MI often unrecognized in patients with triple threat of diabetes, hypertension, and nephropathy

Susan Jeffrey

July 28, 2004

Houston, TX - A new study in a contemporary cohort shows a relatively high incidence of clinically unrecognized Q-wave MI among patients with diabetes, hypertension, and nephropathy[1]. Some 14% of first nonfatal MIs occurring among patients enrolled in the Irbesartan Diabetic Nephropathy Trial (IDNT) were identified only by protocol-driven electrocardiogram.

The study appears in the August 1, 2004 issue of the American Journal of Cardiology.

First author Dr David Aguilar (University of Texas Health Science Center, Houston) told heartwire that they were surprised by the number of unrecognized MIs in this clinical trial, where presumably both patients and physicians would be vigilant for cardiac events that were part of the primary end point.

"There are infarcts occurring that are escaping recognition, and we have to be aggressive in both counseling patients beforehand to try to prevent them and perhaps...having a low threshold for screening someone who has these risk factors and may have atypical symptoms," Aguilar said.

Diabetes patients at particular risk?

In the general population, the incidence of unrecognized MI has been estimated at between 20% and 40% by previous observational work, Aguilar said. Patients with type 2 diabetes are considered more susceptible to unrecognized MI, due perhaps to the neuropathy that can occur with the disease, interfering with their perception of pain, or because frequently their symptoms are atypical.

In this study, Aguilar and colleagues used data from IDNT, where serial ECGs were available, to determine the number of new Q-wave infarctions in this cohort. In the trial, 1387 patients underwent ECG at baseline and then at 6, 12, 24, 36, and 48 months. All tests were evaluated by a core laboratory.

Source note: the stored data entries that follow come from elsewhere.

(* Let $\mathcal Z,\mathcal S,\mathcal U$ be finite alphabets and let $p_{ZS}$, $p_{SU}$ be joint types of length-$n$ sequences on $\mathcal Z\times\mathcal S$ and $\mathcal S\times\mathcal U$ having the same $S$-marginal $p_S$. Define the pmf $P^\star_{ZSU}(z,s,u)=p_{Z|S}(z|s)p_{SU}(s,u)$, where $p_{Z|S}(z|s)=p_{ZS}(z,s)/p_S(s)$ when $p_S(s)>0$ (and $P^\star_{ZSU}(z,s,u)=0$ when $p_S(s)=0$). Let $$\mathcal A=\Big\{p_{Z_1S_1U_1}\in\mathcal P_n(\mathcal Z\times\mathcal S\times\mathcal U):\ p_{Z_1S_1}=p_{ZS},\ p_{S_1U_1}=p_{SU},\ |p_{Z_1S_1U_1}-P^\star_{ZSU}|_\infty\le\tfrac1n\Big\}.$$ Then $P^\star_{ZSU}$ belongs to the convex hull of $\mathcal A$.
   Context: $\mathcal P_n(\mathcal Z\times\mathcal S\times\mathcal U)$ is the set of joint types of length-$n$ sequences, i.e., pmfs all of whose entries are integer multiples of $1/n$; $p_{Z_1S_1}$, $p_{S_1U_1}$ are marginals of $p_{Z_1S_1U_1}$; $|P-Q|_\infty=\max|P(\cdot)-Q(\cdot)|$. The convex hull of a finite set of vectors is the set of all their convex combinations. *)

From HB Require Import structures.
From mathcomp Require Import all_boot all_order all_algebra.
Set Implicit Arguments. Unset Strict Implicit. Unset Printing Implicit Defensive.
Import Order.TTheory GRing.Theory Num.Theory.
Local Open Scope ring_scope.

Section Defs.
Variable R : realFieldType.

Definition is_type (T : finType) (n : nat) (p : {ffun T -> R}) : Prop :=
  (forall t, exists k : nat, p t = k%:R / n%:R) /\ \sum_(t : T) p t = 1.

Variables Z S U : finType.

Definition margS_ZS (p : {ffun Z * S -> R}) (s : S) : R := \sum_(z : Z) p (z, s).
Definition margS_SU (p : {ffun S * U -> R}) (s : S) : R := \sum_(u : U) p (s, u).
Definition margZS (q : {ffun Z * S * U -> R}) : {ffun Z * S -> R} :=
  [ffun zs => \sum_(u : U) q (zs.1, zs.2, u)].
Definition margSU (q : {ffun Z * S * U -> R}) : {ffun S * U -> R} :=
  [ffun su => \sum_(z : Z) q (z, su.1, su.2)].

Definition Pstar (pZS : {ffun Z * S -> R}) (pSU : {ffun S * U -> R})
  : {ffun Z * S * U -> R} :=
  [ffun x => let: (z, s, u) := x in
     if margS_ZS pZS s == 0 then 0
     else pZS (z, s) / margS_ZS pZS s * pSU (s, u)].

Definition sup_dist (T : finType) (p q : {ffun T -> R}) : R :=
  \big[Num.max/0]_(t : T) `|p t - q t|.

Definition setA (n : nat) (pZS : {ffun Z * S -> R}) (pSU : {ffun S * U -> R})
  (q : {ffun Z * S * U -> R}) : Prop :=
  [/\ is_type n q, margZS q = pZS, margSU q = pSU &
      sup_dist q (Pstar pZS pSU) <= 1 / n%:R].
End Defs.

Definition in_conv_hull (R : realFieldType) (T : finType)
  (A : {ffun T -> R} -> Prop) (x : {ffun T -> R}) : Prop :=
  exists (m : nat) (w : 'I_m -> R) (q : 'I_m -> {ffun T -> R}),
    [/\ forall i, 0 <= w i, \sum_(i < m) w i = 1, forall i, A (q i) &
        forall t, x t = \sum_(i < m) w i * q i t].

During a mean follow-up of 2.5 years, 14 of 99 first nonfatal MIs, or 14%, identified by ECG were clinically unrecognized. Although this number is less than previous estimates in the general population, the researchers note, it is more than the 4.3% of events that went unrecognized in the Heart Estrogen/Progestin Replacement Study (HERS).

Based on the HERS findings, where the incidence of unrecognized MI was quite low, frequent screening might not be cost effective, he noted. However, their new findings suggest it's still an important clinical problem, although this study is probably too small to make reliable cost-effectiveness estimates.

"I don't know if we can draw large conclusions regarding [frequent screening], but I think it's something to consider and hopefully an area of further research," he said.

The researchers point out that these numbers do not include the occurrence of non-Q-wave MI, which would bring the total even higher.